To do: The entries below contain a line with "apply/asboolP => y" and a line with "EqMod (eq_factor_fam_compatible r).". Quote exactly those two lines and all lines between them.

Source records:
Record eq_mod (c : eq_set) :=
  EqMod { eq_val : dprod (@eq_fam c); _ : eq_val \in eq_compatible c }.
HB.instance Definition _ c := [isSub for @eq_val c].
HB.instance Definition _ c := [Choice of eq_mod c by <:].
HB.instance Definition _ c := [SubChoice_isSubLmodule of eq_mod c by <:].

Definition eq_obj : TuraevMod k := TMod eq_mod.

Lemma eq_val_linear c i : linear (fun m : eq_mod c => eq_val m i).
Proof. by []. Qed.

Definition eq_incl : TuraevHom eq_obj A :=
  @THom _ eq_obj A (fun x => \pi_eq_set x) (fun x m => eq_val m (exist _ x erefl))
    (fun x => @eq_val_linear (\pi_eq_set x) (exist _ x erefl)).

Lemma eq_val_transport c1 c2 (e : c1 = c2) (m : eq_mod c1) x p1 p2 :
  eq_val (transport (M := eq_mod) e m) (exist _ x p2) = eq_val m (exist _ x p1).
Proof. by case: _ / e in p2 *; rewrite (Prop_irrelevance p1 p2). Qed.

Lemma eq_incl_glue : tcomp F eq_incl = tcomp G eq_incl.
Proof.
apply: thom_ext => y; exists (set_coeq_glue _ _ y) => m /=.
rewrite (eq_val_transport _ _ (esym (set_coeq_glue _ _ y))).
exact: (asboolP _ (valP m)).
Qed.

Section Factor.
Variables (Z : TuraevMod k) (h : TuraevHom Z A).
Hypothesis hFG : tcomp F h = tcomp G h.

Let h_glue y : th_fun h (th_fun F y) = th_fun h (th_fun G y).
Proof. exact: thom_fun_eq hFG y. Qed.

Definition eq_factor_fun (c : eq_set) : tm_set Z := th_fun h (repr c).

Lemma eq_factor_fun_fiber c (i : eq_fiber c) : eq_factor_fun c = th_fun h (sval i).
Proof. by apply: (set_coeq_factor h_glue); rewrite reprK (svalP i). Qed.

Definition eq_factor_fam c (r : tm_mod Z (eq_factor_fun c)) : dprod (@eq_fam c) :=
  fun i => th_map h (sval i) (transport (eq_factor_fun_fiber i) r).

Lemma eq_factor_fam_compatible c r : eq_factor_fam r \in eq_compatible c.
Proof.
apply/asboolP => y p q /=; rewrite /eq_factor_fam /=.
have /= -> := thom_map_eq hFG (thom_fun_eq hFG y).
by rewrite transport_trans; congr (th_map G y (th_map h _ (transport _ r))).
Qed.

Definition eq_factor_map c (r : tm_mod Z (eq_factor_fun c)) : eq_mod c :=
  EqMod (eq_factor_fam_compatible r).

Lemma eq_factor_map_linear c : linear (@eq_factor_map c).
Proof.
move=> a r r'; apply: val_inj; apply: functional_extensionality_dep => i /=.
by rewrite /eq_factor_fam !linearP.
Qed.

Definition eq_factor : TuraevHom Z eq_obj :=
  @THom _ Z eq_obj eq_factor_fun eq_factor_map eq_factor_map_linear.

Lemma eq_factorK : tcomp eq_incl eq_factor = h.
Proof.
by apply: thom_ext => x; exists (eq_factor_fun_fiber (exist _ x erefl)).
Qed.

Lemma eq_factor_unique u : tcomp eq_incl u = h -> u = eq_factor.
Proof.
move=> uK; apply: thom_ext => c.
have e : th_fun u c = eq_factor_fun c.
  by rewrite /eq_factor_fun -(thom_fun_eq uK (repr c)) /= reprK.
exists e => r; apply: val_inj; apply: functional_extensionality_dep => -[x p] /=.
case: _ / p in e r *; rewrite /eq_factor_fam /= transport_trans.
by have /= -> := thom_map_eq uK (etrans e (eq_factor_fun_fiber (exist _ x erefl))) r.
Qed.
End Factor.

Lemma eq_incl_is_equalizer : is_equalizer F G eq_incl.
Proof.
split=> [|Z h hFG]; first exact: eq_incl_glue.
by exists (eq_factor hFG); split; [exact: eq_factorK | exact: eq_factor_unique].
Qed.
End Equalizer.

Theorem proposition2p6 (k : comPzRingType) :
  (forall (A B : TuraevMod k) (F G : TuraevHom A B),
     exists (E : TuraevMod k) (e : TuraevHom E A), is_equalizer F G e) /\
  (forall (A B : TuraevMod k) (F G : TuraevHom A B),
     exists (Q : TuraevMod k) (q : TuraevHom B Q), is_coequalizer F G q).
Proof.
split=> A B F G.
  by exists (eq_obj F G), (eq_incl F G); exact: eq_incl_is_equalizer.
by exists (coeq_obj F G), (coeq_proj F G); exact: coeq_proj_is_coequalizer.
Qed.
(* Let $\mathcal{H}_k$ be a truncated space with orthonormal basis $f_m(z)=(1+b_mz)z^m$, $m\ge0$, where $b_t=0$ for all $t\ge n$; let $U:\mathcal{H}_k\to H^2(\mathbb{D})$ be the unitary with $Uf_m=z^m$ for all $m\ge0$, and let $S_n = UM_zU^*$ be the $n$-shift corresponding to $k$. Let $X$ be a bounded operator on $H^2(\mathbb{D})$. Then $XS_n = S_nX$ if and only if there exists $\varphi=\sum_{m\ge0}\alpha_m z^m \in H^\infty(\mathbb{D})$ such that $X = T_\varphi + N$, where $T_\varphi$ is the analytic Toeplitz operator with symbol $\varphi$ on $H^2(\mathbb{D})$ and $N$ is the operator on $H^2(\mathbb{D})$ whose matrix with respect to $\{z^m\}_{m\ge0}$ has entries \[\langle N z^m, z^j\rangle = \langle \varphi f_m, f_j\rangle_{\mathcal{H}_k} - \alpha_{j-m}\qquad (j,m\ge 0),\] with the convention $\alpha_{l}=0$ for $l<0$. (Explicitly, the columns $m\ge n$ of this matrix vanish, its entries with $j\le m+1$ vanish, and for $0\le m<n$ and $j>n$ the entry equals $(b_m-b_{j-1})\alpha_{j-m-1}$.)
   Context: Fix $n \ge 1$. $H^2(\mathbb{D})$ is the Hardy space on the open unit disc and $H^\infty(\mathbb{D})$ the bounded analytic functions. A truncated space is a reproducing kernel Hilbert space $\mathcal{H}_k$ of analytic functions on $\mathbb{D}$ (with scalar analytic kernel $k$) such that: $\mathbb{C}[z]\subseteq\mathcal{H}_k$; the multiplication operator $M_z$ is bounded on $\mathcal{H}_k$; and the functions $f_m(z) = (1 + b_m z)z^m$, $m \ge 0$, form an orthonormal basis of $\mathcal{H}_k$, for scalars $\{b_m\}$ with $b_t = 0$ for $t \ge n$. For $\varphi\in H^\infty(\mathbb{D})$, $\varphi f_m\in\mathcal{H}_k$, so the inner products above make sense. *)

From Stdlib Require Import Reals Arith.
From Coquelicot Require Import Coquelicot.

Open Scope R_scope.

(** H^2(D) is modelled by Taylor coefficient sequences: g(z) = sum_m g_m z^m,
    so H^2(D) = l^2(N, C) and z^m corresponds to the basis vector [ev m]. *)
Definition seqC := nat -> C.

Definition is_l2 (a : seqC) : Prop := ex_series (fun m => (Cmod (a m)) ^ 2).

Definition l2norm (a : seqC) : R := sqrt (Series (fun m => (Cmod (a m)) ^ 2)).

(** Operators on H^2: maps on coefficient sequences; only their behaviour on
    l^2 is relevant. *)
Definition op := seqC -> seqC.

Definition bounded_op (X : op) : Prop :=
  (forall a, is_l2 a -> is_l2 (X a)) /\
  (forall (a c : seqC) (l : C), is_l2 a -> is_l2 c ->
      X (fun m => Cplus (a m) (Cmult l (c m))) =
      (fun m => Cplus (X a m) (Cmult l (X c m)))) /\
  (exists M : R, forall a, is_l2 a -> l2norm (X a) <= M * l2norm a).

Definition ev (m : nat) : seqC := fun j => if Nat.eqb j m then RtoC 1 else RtoC 0.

Output of the exercise:
apply/asboolP => y p q /=; rewrite /eq_factor_fam /=.
have /= -> := thom_map_eq hFG (thom_fun_eq hFG y).
by rewrite transport_trans; congr (th_map G y (th_map h _ (transport _ r))).
Qed.

Definition eq_factor_map c (r : tm_mod Z (eq_factor_fun c)) : eq_mod c :=
  EqMod (eq_factor_fam_compatible r).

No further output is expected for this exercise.